**Brief**
In the records below, find the line with "covered_upto v0 l" and the line with "Lemma layerS j"; return exactly those lines and every line between them.

[Stored items]
##########
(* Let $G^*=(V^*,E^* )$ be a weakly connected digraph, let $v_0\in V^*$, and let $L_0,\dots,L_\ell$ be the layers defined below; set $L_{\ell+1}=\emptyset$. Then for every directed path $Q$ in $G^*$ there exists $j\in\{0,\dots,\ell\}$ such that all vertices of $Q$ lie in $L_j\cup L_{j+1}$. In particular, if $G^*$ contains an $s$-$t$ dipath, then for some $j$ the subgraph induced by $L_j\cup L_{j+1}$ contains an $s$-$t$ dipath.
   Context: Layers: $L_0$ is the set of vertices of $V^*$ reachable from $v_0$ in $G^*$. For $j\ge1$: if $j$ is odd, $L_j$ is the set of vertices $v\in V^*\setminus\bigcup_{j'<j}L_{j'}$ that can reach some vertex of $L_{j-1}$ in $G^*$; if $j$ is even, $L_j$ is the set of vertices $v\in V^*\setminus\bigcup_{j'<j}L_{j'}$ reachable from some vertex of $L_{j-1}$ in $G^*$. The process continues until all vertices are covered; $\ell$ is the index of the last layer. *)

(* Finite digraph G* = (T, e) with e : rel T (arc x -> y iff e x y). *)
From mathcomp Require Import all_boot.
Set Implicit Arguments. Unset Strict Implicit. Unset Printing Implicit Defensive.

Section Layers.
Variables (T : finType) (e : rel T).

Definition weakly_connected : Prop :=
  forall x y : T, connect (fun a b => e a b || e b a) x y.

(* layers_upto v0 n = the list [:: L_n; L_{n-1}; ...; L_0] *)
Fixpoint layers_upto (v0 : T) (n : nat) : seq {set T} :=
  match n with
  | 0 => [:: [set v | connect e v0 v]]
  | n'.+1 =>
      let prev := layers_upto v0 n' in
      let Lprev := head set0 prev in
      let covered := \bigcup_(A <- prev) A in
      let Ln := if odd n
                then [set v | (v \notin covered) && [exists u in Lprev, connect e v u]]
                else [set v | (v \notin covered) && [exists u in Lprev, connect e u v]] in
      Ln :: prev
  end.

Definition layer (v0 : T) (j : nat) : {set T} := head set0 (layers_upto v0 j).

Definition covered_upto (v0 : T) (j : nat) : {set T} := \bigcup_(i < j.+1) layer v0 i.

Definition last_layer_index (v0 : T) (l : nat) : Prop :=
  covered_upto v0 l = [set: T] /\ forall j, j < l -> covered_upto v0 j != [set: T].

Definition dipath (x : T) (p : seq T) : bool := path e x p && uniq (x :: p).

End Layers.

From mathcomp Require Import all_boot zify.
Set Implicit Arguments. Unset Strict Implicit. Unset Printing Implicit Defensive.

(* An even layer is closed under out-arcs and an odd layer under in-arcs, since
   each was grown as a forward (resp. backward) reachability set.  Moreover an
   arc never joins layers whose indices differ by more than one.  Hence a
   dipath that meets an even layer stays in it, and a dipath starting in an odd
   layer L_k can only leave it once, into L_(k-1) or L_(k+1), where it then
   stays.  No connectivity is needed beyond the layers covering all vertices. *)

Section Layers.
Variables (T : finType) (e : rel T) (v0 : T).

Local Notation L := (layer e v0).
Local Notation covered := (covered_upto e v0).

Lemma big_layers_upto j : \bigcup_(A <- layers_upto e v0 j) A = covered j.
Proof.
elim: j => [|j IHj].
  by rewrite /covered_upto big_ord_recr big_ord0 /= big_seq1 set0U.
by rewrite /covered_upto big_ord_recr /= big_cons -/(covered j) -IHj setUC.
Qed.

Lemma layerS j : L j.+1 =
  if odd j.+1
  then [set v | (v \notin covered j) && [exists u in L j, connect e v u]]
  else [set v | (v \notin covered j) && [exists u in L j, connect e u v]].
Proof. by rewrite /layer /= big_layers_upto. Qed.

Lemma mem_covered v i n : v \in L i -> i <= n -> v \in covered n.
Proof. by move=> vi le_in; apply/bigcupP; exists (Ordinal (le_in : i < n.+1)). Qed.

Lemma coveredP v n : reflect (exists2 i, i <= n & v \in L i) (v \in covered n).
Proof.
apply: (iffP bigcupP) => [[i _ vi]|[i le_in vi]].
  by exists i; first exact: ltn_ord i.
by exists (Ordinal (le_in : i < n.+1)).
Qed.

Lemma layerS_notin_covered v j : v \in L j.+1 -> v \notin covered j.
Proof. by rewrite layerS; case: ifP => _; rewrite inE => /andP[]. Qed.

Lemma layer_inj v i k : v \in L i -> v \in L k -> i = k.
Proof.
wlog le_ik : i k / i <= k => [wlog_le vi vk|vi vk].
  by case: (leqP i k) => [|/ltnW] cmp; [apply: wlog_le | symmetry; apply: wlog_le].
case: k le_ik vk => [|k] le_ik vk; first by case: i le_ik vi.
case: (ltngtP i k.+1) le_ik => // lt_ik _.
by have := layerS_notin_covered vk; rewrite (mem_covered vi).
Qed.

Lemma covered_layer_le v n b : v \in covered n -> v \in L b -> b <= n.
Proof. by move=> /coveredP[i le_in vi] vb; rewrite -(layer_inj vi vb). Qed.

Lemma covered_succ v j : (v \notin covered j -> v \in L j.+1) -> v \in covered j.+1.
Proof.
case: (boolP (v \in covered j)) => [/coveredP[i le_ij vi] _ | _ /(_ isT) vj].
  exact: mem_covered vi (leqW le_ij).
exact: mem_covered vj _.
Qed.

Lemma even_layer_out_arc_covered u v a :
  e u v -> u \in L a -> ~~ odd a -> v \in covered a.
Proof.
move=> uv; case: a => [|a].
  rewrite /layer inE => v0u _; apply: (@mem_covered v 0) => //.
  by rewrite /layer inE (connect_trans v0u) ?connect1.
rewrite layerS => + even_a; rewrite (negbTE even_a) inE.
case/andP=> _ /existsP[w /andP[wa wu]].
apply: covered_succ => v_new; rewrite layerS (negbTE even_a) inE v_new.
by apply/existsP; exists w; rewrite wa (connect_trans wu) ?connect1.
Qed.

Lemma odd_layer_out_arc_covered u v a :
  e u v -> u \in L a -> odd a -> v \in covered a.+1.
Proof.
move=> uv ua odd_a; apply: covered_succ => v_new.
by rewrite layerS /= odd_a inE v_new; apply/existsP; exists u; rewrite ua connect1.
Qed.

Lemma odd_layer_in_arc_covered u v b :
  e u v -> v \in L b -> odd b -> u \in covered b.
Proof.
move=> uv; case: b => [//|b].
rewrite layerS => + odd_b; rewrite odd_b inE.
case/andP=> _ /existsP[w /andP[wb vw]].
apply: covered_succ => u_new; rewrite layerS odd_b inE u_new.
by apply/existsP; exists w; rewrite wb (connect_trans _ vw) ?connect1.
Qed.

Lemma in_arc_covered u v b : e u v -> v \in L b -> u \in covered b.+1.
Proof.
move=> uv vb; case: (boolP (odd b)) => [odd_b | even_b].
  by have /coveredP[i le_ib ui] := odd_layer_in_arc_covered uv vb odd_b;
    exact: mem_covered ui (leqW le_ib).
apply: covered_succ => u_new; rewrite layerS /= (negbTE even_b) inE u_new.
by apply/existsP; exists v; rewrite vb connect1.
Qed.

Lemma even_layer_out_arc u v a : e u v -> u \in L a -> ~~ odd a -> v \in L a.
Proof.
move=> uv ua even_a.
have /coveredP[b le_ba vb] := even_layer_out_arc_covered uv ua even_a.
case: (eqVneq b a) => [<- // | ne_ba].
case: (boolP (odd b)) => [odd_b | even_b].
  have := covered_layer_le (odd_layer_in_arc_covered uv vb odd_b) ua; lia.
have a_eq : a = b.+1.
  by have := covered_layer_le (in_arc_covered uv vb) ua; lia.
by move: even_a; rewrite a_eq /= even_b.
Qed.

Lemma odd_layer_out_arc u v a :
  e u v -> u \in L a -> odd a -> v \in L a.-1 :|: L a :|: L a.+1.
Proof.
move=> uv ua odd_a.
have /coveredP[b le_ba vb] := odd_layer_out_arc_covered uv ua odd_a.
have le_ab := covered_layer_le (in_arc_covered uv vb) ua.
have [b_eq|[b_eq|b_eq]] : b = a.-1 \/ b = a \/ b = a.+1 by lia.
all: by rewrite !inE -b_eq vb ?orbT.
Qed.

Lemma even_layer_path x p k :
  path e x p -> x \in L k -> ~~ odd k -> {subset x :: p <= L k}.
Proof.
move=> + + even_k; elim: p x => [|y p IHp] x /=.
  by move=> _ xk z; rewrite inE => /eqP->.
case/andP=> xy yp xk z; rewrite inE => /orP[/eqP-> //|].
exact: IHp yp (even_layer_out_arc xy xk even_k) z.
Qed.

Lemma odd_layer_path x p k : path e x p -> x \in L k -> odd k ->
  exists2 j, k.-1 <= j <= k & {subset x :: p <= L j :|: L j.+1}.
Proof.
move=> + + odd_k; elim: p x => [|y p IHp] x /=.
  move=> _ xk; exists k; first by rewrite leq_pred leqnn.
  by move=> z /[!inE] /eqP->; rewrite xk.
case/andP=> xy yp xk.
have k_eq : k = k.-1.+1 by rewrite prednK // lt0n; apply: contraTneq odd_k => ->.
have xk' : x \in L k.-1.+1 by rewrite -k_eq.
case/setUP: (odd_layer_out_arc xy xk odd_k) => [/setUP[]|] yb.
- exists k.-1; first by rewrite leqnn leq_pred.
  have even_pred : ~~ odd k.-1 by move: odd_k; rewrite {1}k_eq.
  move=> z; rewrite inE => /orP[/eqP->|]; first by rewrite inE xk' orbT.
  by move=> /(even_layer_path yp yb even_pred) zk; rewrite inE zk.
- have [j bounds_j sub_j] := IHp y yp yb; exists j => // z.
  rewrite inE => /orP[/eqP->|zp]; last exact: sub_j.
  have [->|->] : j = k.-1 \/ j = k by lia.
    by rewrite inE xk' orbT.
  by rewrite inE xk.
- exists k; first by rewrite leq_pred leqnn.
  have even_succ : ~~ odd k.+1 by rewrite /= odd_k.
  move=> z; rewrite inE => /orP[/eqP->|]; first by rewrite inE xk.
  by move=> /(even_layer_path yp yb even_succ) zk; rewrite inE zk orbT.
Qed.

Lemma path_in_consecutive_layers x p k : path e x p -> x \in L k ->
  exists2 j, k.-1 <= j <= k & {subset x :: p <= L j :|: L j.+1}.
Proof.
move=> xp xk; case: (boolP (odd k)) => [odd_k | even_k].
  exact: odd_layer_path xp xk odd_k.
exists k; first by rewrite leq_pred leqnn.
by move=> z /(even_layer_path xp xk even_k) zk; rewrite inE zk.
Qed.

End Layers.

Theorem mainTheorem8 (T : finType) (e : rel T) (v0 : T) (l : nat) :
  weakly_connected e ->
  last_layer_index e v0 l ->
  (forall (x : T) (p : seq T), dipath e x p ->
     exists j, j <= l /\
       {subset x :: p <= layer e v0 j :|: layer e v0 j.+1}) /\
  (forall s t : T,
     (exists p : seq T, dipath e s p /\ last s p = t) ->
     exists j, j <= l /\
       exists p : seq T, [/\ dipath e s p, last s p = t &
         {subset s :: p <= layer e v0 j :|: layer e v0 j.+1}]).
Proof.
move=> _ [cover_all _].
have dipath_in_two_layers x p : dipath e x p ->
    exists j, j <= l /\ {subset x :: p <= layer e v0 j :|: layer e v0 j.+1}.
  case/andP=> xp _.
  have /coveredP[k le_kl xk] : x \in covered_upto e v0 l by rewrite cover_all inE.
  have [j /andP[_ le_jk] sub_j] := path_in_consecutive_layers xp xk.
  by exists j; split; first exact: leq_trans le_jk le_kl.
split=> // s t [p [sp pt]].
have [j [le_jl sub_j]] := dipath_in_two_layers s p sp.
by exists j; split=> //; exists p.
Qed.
##########
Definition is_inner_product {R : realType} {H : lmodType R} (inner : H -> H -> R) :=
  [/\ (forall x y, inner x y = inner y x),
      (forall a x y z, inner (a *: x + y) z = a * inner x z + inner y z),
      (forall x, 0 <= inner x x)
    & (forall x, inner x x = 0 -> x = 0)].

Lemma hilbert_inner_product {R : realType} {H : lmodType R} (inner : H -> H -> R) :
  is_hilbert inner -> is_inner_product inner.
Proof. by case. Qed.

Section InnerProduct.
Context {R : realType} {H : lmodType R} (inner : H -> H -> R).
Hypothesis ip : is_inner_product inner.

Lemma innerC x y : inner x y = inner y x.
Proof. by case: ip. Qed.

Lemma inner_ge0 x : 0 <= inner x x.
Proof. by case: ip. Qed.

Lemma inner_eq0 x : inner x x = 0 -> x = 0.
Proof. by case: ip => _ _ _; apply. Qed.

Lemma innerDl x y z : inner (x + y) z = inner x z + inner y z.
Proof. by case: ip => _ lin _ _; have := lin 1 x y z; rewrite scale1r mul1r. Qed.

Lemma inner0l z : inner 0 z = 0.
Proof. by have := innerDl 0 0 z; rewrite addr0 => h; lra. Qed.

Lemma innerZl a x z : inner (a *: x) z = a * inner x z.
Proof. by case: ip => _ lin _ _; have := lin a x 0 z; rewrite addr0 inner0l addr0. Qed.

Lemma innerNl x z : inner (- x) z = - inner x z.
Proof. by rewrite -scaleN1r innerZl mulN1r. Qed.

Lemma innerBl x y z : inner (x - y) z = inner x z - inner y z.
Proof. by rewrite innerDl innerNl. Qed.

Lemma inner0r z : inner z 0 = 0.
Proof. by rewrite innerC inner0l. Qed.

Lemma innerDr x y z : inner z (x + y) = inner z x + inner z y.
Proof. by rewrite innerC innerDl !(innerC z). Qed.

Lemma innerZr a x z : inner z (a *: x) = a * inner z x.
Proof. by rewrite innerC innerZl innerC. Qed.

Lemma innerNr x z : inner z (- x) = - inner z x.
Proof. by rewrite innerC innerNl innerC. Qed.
##########
**Task answer**
  covered_upto v0 l = [set: T] /\ forall j, j < l -> covered_upto v0 j != [set: T].

Definition dipath (x : T) (p : seq T) : bool := path e x p && uniq (x :: p).

End Layers.

From mathcomp Require Import all_boot zify.
Set Implicit Arguments. Unset Strict Implicit. Unset Printing Implicit Defensive.

(* An even layer is closed under out-arcs and an odd layer under in-arcs, since
   each was grown as a forward (resp. backward) reachability set.  Moreover an
   arc never joins layers whose indices differ by more than one.  Hence a
   dipath that meets an even layer stays in it, and a dipath starting in an odd
   layer L_k can only leave it once, into L_(k-1) or L_(k+1), where it then
   stays.  No connectivity is needed beyond the layers covering all vertices. *)

Section Layers.
Variables (T : finType) (e : rel T) (v0 : T).

Local Notation L := (layer e v0).
Local Notation covered := (covered_upto e v0).

Lemma big_layers_upto j : \bigcup_(A <- layers_upto e v0 j) A = covered j.
Proof.
elim: j => [|j IHj].
  by rewrite /covered_upto big_ord_recr big_ord0 /= big_seq1 set0U.
by rewrite /covered_upto big_ord_recr /= big_cons -/(covered j) -IHj setUC.
Qed.

Lemma layerS j : L j.+1 =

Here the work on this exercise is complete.